Black Lightning is striking for how many well-rounded black characters it has, which allows for tough exchanges like the one between Anissa and her father to take place every week. (The show also takes care to include people of different backgrounds without reducing them to some single aspect of their identity, like race or sexuality.) There’s Inspector William Henderson (Damon Gupton), an African American police officer who often hears from other black Freeland residents that he’s doing a poor job protecting the community. And where others see Black Lightning as a welcome hero, after Jefferson chooses to use his powers again, Henderson considers him a vigilante. We also see the gang leader Lala (William Catlett)—who, like Jefferson, is big on molding the next generation—telling a young boy to spend less time on his phone and to work harder … except he’s talking about dealing drugs.
Other recent TV shows from African American creators have explored similar territory. In Season 1 of Dear White People, black college students regularly discuss the best way to deal with racism. After a campus cop pulls a gun on one young black man during a party, the series shifts its focus to follow various reactions; some students turn their anger inward, others protest. ABC’s Black-ish frequently illustrates the disagreements within the African American community (often in terms of the generational divide) on problems like police brutality or the stigma surrounding therapy.

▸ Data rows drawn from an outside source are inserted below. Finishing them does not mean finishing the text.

(* Let $\mathcal G=(\mathcal V,\mathcal E,W)$ be a network, $h\in\mathbb{R}^{\mathcal V}$, and consider the SNC game with binary actions on $\mathcal G$ with external field $h$, with set of Nash equilibria $\mathcal N$. Let $\mathcal V=\mathcal R\cup\mathcal S$, $\mathcal R\cap\mathcal S=\emptyset$, be a binary partition such that $\mathcal G_{\mathcal R}$ is structurally balanced, and let $\tau\in\{\pm1\}^{\mathcal R}$ be such that $\mathcal G_{\mathcal R}^{[\tau]}$ is unsigned. Let $h^-,h^+\in\mathbb{R}^{\mathcal R}$ be given by $$h_i^+=\tau_ih_i+w_i^{\mathcal S},\qquad h_i^-=\tau_ih_i-w_i^{\mathcal S},\qquad i\in\mathcal R.$$ Assume that $\mathcal G_{\mathcal R}^{[\tau]}$ is $(h^-,h^+)$-indecomposable and that $$w_i^{\mathcal R}-|h_i|>w_i^{\mathcal S}\qquad\forall i\in\mathcal R.$$ Then: (i) if, for each $y\in\{\tau,-\tau\}$, the set $\mathcal N_{\mathcal S}^{(y)}$ is globally BR-reachable for the $\mathcal S$-restricted game with strategy profile of players in $\mathcal R$ frozen to $y$, then the set $\overline{\mathcal N}=\{x^*\in\mathcal N:\ x^*_{\mathcal R}\in\{\tau,-\tau\}\}$ is globally BR-reachable for the SNC game; (ii) if, for each $y\in\{\tau,-\tau\}$, there exists a nonempty subset $\bar{\mathcal N}_{\mathcal S}^{(y)}\subseteq\mathcal N_{\mathcal S}^{(y)}$ that is globally BR-stable for the $\mathcal S$-restricted game with strategy profile of players in $\mathcal R$ frozen to $y$, then there exists a globally BR-stable (for the SNC game) subset of Nash equilibria contained in $\overline{\mathcal N}$.
   Context: A network is a triple $\mathcal G=(\mathcal V,\mathcal E,W)$ where $\mathcal V$ is a finite nonempty set, $\mathcal E\subseteq\mathcal V\times\mathcal V$, and $W\in\mathbb{R}^{\mathcal V\times\mathcal V}$ has zero diagonal and satisfies $W_{ij}\neq0$ iff $(i,j)\in\mathcal E$ (weights may have either sign; $W$ need not be symmetric). It is unsigned if $W\ge0$ entrywise. For $\mathcal U\subseteq\mathcal V$, the subnetwork $\mathcal G_{\mathcal U}$ has node set $\mathcal U$, links $\mathcal E\cap(\mathcal U\times\mathcal U)$ and weight matrix $W_{\mathcal U\mathcal U}$. A network is structurally balanced if its node set can be written as a disjoint union $\mathcal V_1\cup\mathcal V_2$ with $W_{ij}\ge0$ whenever $i,j$ lie in the same part and $W_{ij}\le0$ whenever they lie in different parts. For $\sigma\in\{\pm1\}^{\mathcal U}$ and a network on node set $\mathcal U$ with weight matrix $M$, the $[\sigma]$-transformed network has the same nodes and links and weight matrix $[\sigma]M[\sigma]$, where $[\sigma]$ is the diagonal matrix with diagonal $\sigma$. For $i\in\mathcal V$ and $\mathcal B\subseteq\mathcal V$, $w_i^{\mathcal B}=\sum_{j\in\mathcal B}|W_{ij}|$ (these quantities are unchanged by $[\sigma]$-transformations). Indecomposability: a network $(\mathcal U,\mathcal E',M)$ with $h^-\le h^+$ in $\mathbb{R}^{\mathcal U}$ is $(h^-,h^+)$-indecomposable if for every partition $\mathcal U=\mathcal U^-\cup\mathcal U^+$ into two disjoint nonempty sets there is a node $i$ with either $i\in\mathcal U^+$ and $w_i^{\mathcal U^+}+h_i^+<w_i^{\mathcal U^-}$, or $i\in\mathcal U^-$ and $w_i^{\mathcal U^-}-h_i^-<w_i^{\mathcal U^+}$ (degrees computed with $|M|$). The SNC game with binary actions on $\mathcal G$ with external field $h\in\mathbb{R}^{\mathcal V}$ has player set $\mathcal V$, action set $\{-1,+1\}$ for each player, strategy profiles $\mathcal X=\{\pm1\}^{\mathcal V}$, and utilities $u_i(x)=h_ix_i+x_i\sum_{j\in\mathcal V}W_{ij}x_j$. Best responses $\mathcal B_i(x_{-i})=\arg\max_{x_i\in\{\pm1\}}u_i(x_i,x_{-i})$; Nash equilibrium: $x^*_i\in\mathcal B_i(x^*_{-i})$ for all $i$. For $y\in\{\pm1\}^{\mathcal R}$, the $\mathcal S$-restricted game with strategy profile of players in $\mathcal R$ frozen to $y$ has player set $\mathcal S$, actions $\{\pm1\}$, and utilities $u_i^{(y)}(z)=u_i(y,z)$ for $i\in\mathcal S$, $z\in\{\pm1\}^{\mathcal S}$; $\mathcal N_{\mathcal S}^{(y)}$ is its set of Nash equilibria. BR-dynamics notions, for any game with binary actions and profile set $\mathcal Y$: a BR-path of length $l\ge0$ from $x$ to $y$ is a sequence $x^{(0)}=x,x^{(1)},\dots,x^{(l)}=y$ such that for each $k$ there is a player $i_k$ with $x^{(k)}_{-i_k}=x^{(k-1)}_{-i_k}$ and $x^{(k)}_{i_k}\in\mathcal B_{i_k}(x^{(k-1)}_{-i_k})\setminus\{x^{(k-1)}_{i_k}\}$. A set $\mathcal Y^*\subseteq\mathcal Y$ is globally BR-reachable if from every profile there is a BR-path to some element of $\mathcal Y^*$; BR-invariant if there is no BR-path from an element of $\mathcal Y^*$ to an element outside $\mathcal Y^*$; globally BR-stable if it is both. *)

From HB Require Import structures.
From mathcomp Require Import all_boot all_order all_algebra.
Set Implicit Arguments. Unset Strict Implicit. Unset Printing Implicit Defensive.
Import Order.TTheory GRing.Theory Num.Theory.
Local Open Scope ring_scope.
(* Pigeonhole: one of the at most d components of h carries mass w_h / d. *)
Lemma heavy_component h : (h < n)%nat -> exists c, In c (H h) /\ INR (w h) <= INR d * imass c.
Proof.
  intros Hh. destruct (Hd h Hh) as [Hl [Hld _]].
  assert (Hsum : INR (w h) <= lsumR (H h) imass).
  { eapply Rle_trans; [apply Hxc; auto|]. unfold imass. rewrite <- lsumR_rsum.
    apply rsum_le; intros j Hj. rewrite lsumR_scal_r. apply Rmult_le_compat_r; [auto|].
    apply (ind_exists_le (H h) (fun c => in_interval (pt j) c)). }
  apply NNPP; intros Hno.
  assert (Hlt : lsumR (H h) (fun c => INR d * imass c) < INR (length (H h)) * INR (w h)).
  { apply lsumR_lt_nonempty; [destruct (H h); simpl in Hl; [lia|congruence]|].
    intros c Hc. apply Rnot_le_lt. intros Hle. apply Hno; eauto. }
  rewrite lsumR_scal in Hlt. apply le_INR in Hld. pose proof (pos_INR (w h)). pose proof (pos_INR d).
  assert (INR (length (H h)) * INR (w h) <= INR d * INR (w h)) by (apply Rmult_le_compat_r; auto).
  assert (INR d * INR (w h) <= INR d * lsumR (H h) imass) by (apply Rmult_le_compat_l; auto). lra.
Qed.

Definition is_quantile (k j : nat) := (j < N)%nat /\ INR k <= INR d * cdf (pt j) /\
  forall j', (j' < N)%nat -> INR k <= INR d * cdf (pt j') -> pt j <= pt j'.
Definition quantile (k : nat) : R := pt (epsilon (inhabits 0%nat) (is_quantile k)).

Unlike those half-hour comedies, of course, Black Lightning is a superhero story, which means it can approach similar topics a little more creatively. Even if the constant juxtaposition of Jefferson and Anissa’s beliefs can at times feel a little on-the-nose, the fantasy elements help keep things fresh. In the pilot, Anissa (who’s unaware of her father’s secret life) discovers a power of her own: some sort of super-strength, which she uses to take down drug dealers in the fourth episode. It’s a clever twist because Black Lightning knows it’s impossible for one person—powers or not—to fix an entire community alone. The reveal also raises the dramatic stakes: Both father and daughter will certainly keep their abilities to themselves, but viewers also know that if (or, when) Jefferson finds out, he’ll project his own fears about being a hero—and the mental and physical toll it takes—onto his daughter.

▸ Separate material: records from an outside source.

Let sum_indic_occur (t : nat) (x : T) :
  \sum_(S in draws t) \1_(occur S) x = 'C(#|next_clustering C E x|, t)%:R :> R.
Proof.
rewrite -cards_draws -sum1_card natr_sum big_mkcond [RHS]big_mkcond /=.
apply: eq_bigr => S _; rewrite !inE indicE.
have [SC|SNC] /= := boolP (S \subset C).
  by rewrite in_occur //; case: (S \subset _); case: (_ == _).
suff -> : (S \subset next_clustering C E x) = false by [].
by apply: contraNF SNC => /fintype.subset_trans; apply; exact: next_clustering_sub.
Qed.

Let sum_measure_occur (t : nat) : t%:R <= d ->
  (\sum_(S in draws t) P (occur S) = ('C(#|C|, t)%:R * p ^+ t)%:E)%E.
Proof.
move=> td; rewrite (eq_bigr (fun _ => (p ^+ t)%:E)); last first.
  move=> S; rewrite inE => /andP[/fintype.subsetP SC /eqP St].
  rewrite /occur indepE ?St //; last exact/fintype.subsetP.
  rewrite -St -prodr_const; congr EFin; apply: eq_bigr => A AS.
  by rewrite PE ?SC.
by rewrite sumEFin sumr_const cards_draws mulr_natl.
Qed.

Lemma next_clustering_ge_ffact {t : nat} {b : R} : t%:R <= d -> t%:R <= b ->
  ((\prod_(j < t) (b - j%:R))%:E * P [set x | (b <= #|next_clustering C E x|%:R)%R]
    <= ((#|C| ^_ t)%:R * p ^+ t)%:E)%E.
Proof.
move=> td tb.
have tf_gt0 : (0 : R) < t`!%:R by rewrite ltr0n fact_gt0.
set Pi := \prod_(j < t) _.
have Pi_ge0 : 0 <= Pi.
  by apply: prodr_ge0 => j _; rewrite subr_ge0 (le_trans _ tb) // ler_nat ltnW.
have mG := measurable_next_clustering_ge b.
have m_occur S : S \in draws t -> measurable (occur S).
  by rewrite inE => /andP[SC _]; exact: measurable_occur.
have count x : b <= #|next_clustering C E x|%:R ->
    Pi / t`!%:R <= \sum_(S in draws t) \1_(occur S) x.
  move=> bx; rewrite sum_indic_occur ler_pdivrMr // -natrM bin_ffact.
  exact: prod_subr_le_ffact.
have := markov_indic_sum P m_occur mG (divr_ge0 Pi_ge0 (ltW tf_gt0)) count.
rewrite sum_measure_occur // => markov.
rewrite -bin_ffact natrM mulrAC EFinM -lee_pdivrMr // muleAC -EFinM; exact: markov.
Qed.

Lemma next_clustering_tail (t : nat) (mu delta : R) :
  0 <= p -> 0 <= delta -> #|C|%:R * p <= mu -> 2 * t%:R <= mu * delta ->
  t%:R <= d ->
  (P [set x | (mu * (1 + delta) <= #|next_clustering C E x|%:R)%R]
    <= ((1 + delta / 2) ^- t)%:E)%E.
Proof.
move=> p_ge0 delta_ge0 Cp_mu t_mudelta td.
have mu_ge0 : 0 <= mu by apply: le_trans Cp_mu; rewrite mulr_ge0.
have tb : t%:R <= mu * (1 + delta) by rewrite mulrDr mulr1; nra.
set Pi := \prod_(j < t) (mu * (1 + delta) - j%:R).
have Pi_gt0 : 0 < Pi.
  by apply: prodr_gt0 => j _; rewrite subr_gt0 (lt_le_trans _ tb) // ltr_nat.
have q_gt0 : 0 < 1 + delta / 2 by rewrite ltr_pwDl ?divr_ge0.
rewrite -(@lee_pmul2l _ Pi%:E) ?lte_fin //.
apply: le_trans (next_clustering_ge_ffact td tb) _.
rewrite lee_fin ler_pdivlMr ?exprn_gt0 //; exact: ffact_geometric_le.
Qed.

End bounded_independence_tail.

Section parameters.
Variable R : realType.

Lemma log2_double (x : R) : 0 < x -> log2 (2 * x) = 1 + log2 x.
Proof.
move=> x_gt0; rewrite /log2 lnM ?posrE // mulrDl divff //.
by rewrite gt_eqF // ln_gt0 // ltr1n.
Qed.

Lemma log2_double_ge (n k : nat) : (0 < n)%N -> k%:R <= log2 (n%:R : R) / 2 ->
  (2 * k + 1)%:R <= log2 (2 * n%:R : R).
Proof. by move=> n_gt0; rewrite log2_double ?ltr0n // natrD natrM; lra. Qed.

Lemma alpha_recr (k i : nat) :
  alpha (R:=R) k i.+1 = alpha k i * (1 + (k - i.+1)%:R^-1).
Proof. by rewrite /alpha big_nat_recr. Qed.

Lemma alphaE (k i : nat) : (i < k)%N -> alpha (R:=R) k i = k%:R / (k - i)%:R.
Proof.
elim: i => [|i IH] ik.
  have k_neq0 : k%:R != 0 :> R by rewrite pnatr_eq0 -lt0n.
  by rewrite /alpha big_geq // subn0 divff.
rewrite alpha_recr (IH (ltnW ik)) -(subnSK (ltnW ik)) -natr1.
set r : R := (k - i.+1)%:R.
have r_neq0 : r != 0 by rewrite pnatr_eq0 -lt0n subn_gt0.
have r1_neq0 : r + 1 != 0 by rewrite natr1 pnatr_eq0.
have -> : 1 + r^-1 = (r + 1) / r by rewrite mulrDl divff // mul1r addrC.
by rewrite mulrA divfK.
Qed.

Lemma bound_succ (n k i : nat) : (0 < n)%N ->
  bound (R:=R) n k i.+1
    = bound n k i * n%:R `^ (- k%:R^-1) * (1 + (k - i.+1)%:R^-1).
Proof.
move=> n_gt0; rewrite /bound alpha_recr.
have -> : 1 - i.+1%:R / k%:R = (1 - i%:R / k%:R) + - k%:R^-1 :> R.
  by rewrite -natr1 mulrDl; ring.
by rewrite powRD; [ring | rewrite pnatr_eq0 -lt0n n_gt0 implybT].
Qed.

Lemma natr_le_powR (x : R) (k r : nat) : 0 < x -> (0 < k)%N ->
  k%:R <= log2 x -> r%:R <= x `^ (r%:R / k%:R).
Proof.
move=> x_gt0 k_gt0 k_log.
have y_ge2 : 2 <= x `^ k%:R^-1.
  rewrite -ler_ln ?posrE ?powR_gt0 // ln_powR ler_pdivlMl ?ltr0n //.
  by rewrite -ler_pdivlMr ?ln_gt0 ?ltr1n.
rewrite mulrC powRrM powR_mulrn ?powR_ge0 //.
apply: le_trans (lerXn2r _ _ _ y_ge2); rewrite ?nnegrE ?powR_ge0 //.
by rewrite -natrX ler_nat ltnW // ltn_expl.
Qed.

Lemma bound_margin (n k i : nat) : (0 < n)%N -> k%:R <= log2 (n%:R : R) / 2 ->
  (i.+1 < k)%N ->
  2 * (2 * k + 1)%:R <= bound (R:=R) n k i * n%:R `^ (- k%:R^-1) / (k - i.+1)%:R.
Proof.
move=> n_gt0 k_log ik.
have k_gt0 : (0 < k)%N by apply: leq_ltn_trans ik.
have r_gt0 : (0 : R) < (k - i.+1)%:R by rewrite ltr0n subn_gt0.
have xi_ge : 2 * (2 * k + 1)%:R <= xi (R:=R) n.
  have e_ge1 : 1 <= expR (3^-1 : R) by rewrite -expR0 ler_expR invr_ge0.
  have L_ge := log2_double_ge n_gt0 k_log.
  apply: le_trans (ler_peMl _ e_ge1); first by rewrite ler_pM2l.
  by rewrite mulr_ge0 // (le_trans _ L_ge).
have alpha_ge1 : 1 <= alpha (R:=R) k i.
  have i_lt_k : (i < k)%N by apply: ltnW.
  by rewrite alphaE // ler_pdivlMr ?mul1r ?ler_nat ?leq_subr // ltr0n subn_gt0.
have -> : bound (R:=R) n k i * n%:R `^ (- k%:R^-1)
    = xi n * alpha k i * n%:R `^ ((k - i.+1)%:R / k%:R).
  rewrite /bound -mulrA -powRD; last by rewrite pnatr_eq0 -lt0n n_gt0 implybT.
  congr (_ * _ `^ _); rewrite natrB ?(ltnW ik) // -natr1.
  by field; rewrite pnatr_eq0 -lt0n.
rewrite ler_pdivlMr //; apply: ler_pM.
- by rewrite mulr_ge0 // ltr0n.
- exact: ltW.
- apply: (le_trans xi_ge (ler_peMr _ alpha_ge1)).
  by apply: (le_trans _ xi_ge); rewrite mulr_ge0.
apply: natr_le_powR => //; first by rewrite ltr0n.
have : (0 : R) <= k%:R by rewrite ler0n.
lra.
Qed.

Lemma xi_alpha_le (n k : nat) : (0 < n)%N -> (0 < k)%N ->
  k%:R <= log2 (n%:R : R) / 2 ->
  xi (R:=R) n * alpha k (k - 1) * n%:R `^ k%:R^-1
    <= 4 * expR 3^-1 * (k%:R * n%:R `^ k%:R^-1 * log2 n%:R).
Proof.
move=> n_gt0 k_gt0 k_log.
have k1_lt_k : (k - 1 < k)%N by lia.
rewrite alphaE // subKn // divr1.
have log_ge2 : 2 <= log2 (n%:R : R).
  have : (1 : R) <= k%:R by rewrite ler1n.
  lra.
rewrite /xi log2_double ?ltr0n //.
have : 0 <= expR 3^-1 * k%:R * n%:R `^ k%:R^-1 :> R.
  by rewrite !mulr_ge0 ?expR_ge0 ?powR_ge0.
nra.
Qed.

End parameters.

Theorem lemma8 (R : realType) :
  (exists N : nat, forall n : nat, (N <= n)%N ->
    forall k : nat, (1 <= k)%N -> (k%:R <= log2 (n%:R : R) / 2) ->
    forall i : nat, (1 <= i)%N -> (i <= k - 1)%N ->
    forall (C : {set {set 'I_n}}), clustering C ->
    (#|C|%:R <= bound (R:=R) n k i.-1) ->
    forall (dT : measure_display) (T : measurableType dT) (P : probability T R)
           (E : {set 'I_n} -> set T),
      (forall A, A \in C -> measurable (E A)) ->
      (forall A, A \in C -> P (E A) = (n%:R `^ (- (k%:R)^-1))%:E) ->
      dwise_indep P C E (dpar n) ->
      (P [set x | (bound (R:=R) n k i <= #|next_clustering C E x|%:R)%R] < (2^-1)%:E)%E)
  /\
  (exists (c : R) (N : nat), 0 < c /\ forall n : nat, (N <= n)%N ->
    forall k : nat, (1 <= k)%N -> (k%:R <= log2 (n%:R : R) / 2) ->
    xi (R:=R) n * alpha k (k - 1) * (n%:R `^ (k%:R)^-1)
      <= c * (k%:R * (n%:R `^ (k%:R)^-1) * log2 (n%:R))).
Proof.
split; last first.
  exists (4 * expR 3^-1), 1%N; split; first by rewrite mulr_gt0 ?expR_gt0.
  by move=> n n_gt0 k k_gt0 k_log; exact: xi_alpha_le.
exists 1%N => n n_gt0 k k_gt0 k_log [//|i] _ ik C _ C_le dT T P E mE PE indepE.
have {ik} ik : (i.+1 < k)%N by lia.
set p := n%:R `^ _ in PE *; set mu := bound n k i * p; set r := (k - i.+1)%N.
have r_gt0 : (0 : R) < r%:R by rewrite ltr0n subn_gt0.
have delta_ge0 : 0 <= r%:R^-1 :> R by rewrite invr_ge0 ltW.
have p_ge0 : 0 <= p by exact: powR_ge0.
have t_d : (2 * k + 1)%:R <= dpar (R:=R) n.
  have := log2_double_ge n_gt0 k_log; have := ler0n R (2 * k + 1).
  rewrite /dpar; lra.
have q_gt2 : 2 < (1 + r%:R^-1 / 2 : R) ^+ (2 * k + 1).
  apply: (lt_le_trans _ (@ler_bernoulli R _ (2 * k + 1) (divr_ge0 delta_ge0 _))) => //.
  have : 2 < (2 * k + 1)%:R / r%:R :> R.
    by rewrite ltr_pdivlMr // -natrM ltr_nat; lia.
  lra.
rewrite bound_succ // -/mu.
have Cp_mu : #|C|%:R * p <= mu by rewrite ler_wpM2r.
have := next_clustering_tail mE PE indepE p_ge0 delta_ge0 Cp_mu
  (bound_margin n_gt0 k_log ik) t_d.
move=> /le_lt_trans; apply.
by rewrite lte_fin ltf_pV2 ?posrE ?exprn_gt0 // (lt_trans _ q_gt2).
Qed.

Black Lightning’s broader exploration of the multitudes contained within a larger whole is nicely embodied by Jefferson himself. He’s both Principal Pierce and Black Lightning; these two halves are always working against each other, a conflict that’s been with Jefferson since the start of the series. Within the first five minutes of the pilot, Jefferson is pulled over—in his business suit, with his daughters in the car—by two police officers, who manhandle him. After demanding an explanation, he’s simply told that he fits a description of someone who robbed a liquor store, the unspoken description, of course, being “black man.” This profiling makes Jefferson want to go full–Black Lightning; you can literally see the electricity in his eyes, but he has to contain himself. After all, as Jefferson says in that episode, “I have saved more lives as a principal than I ever would have as Black Lightning.”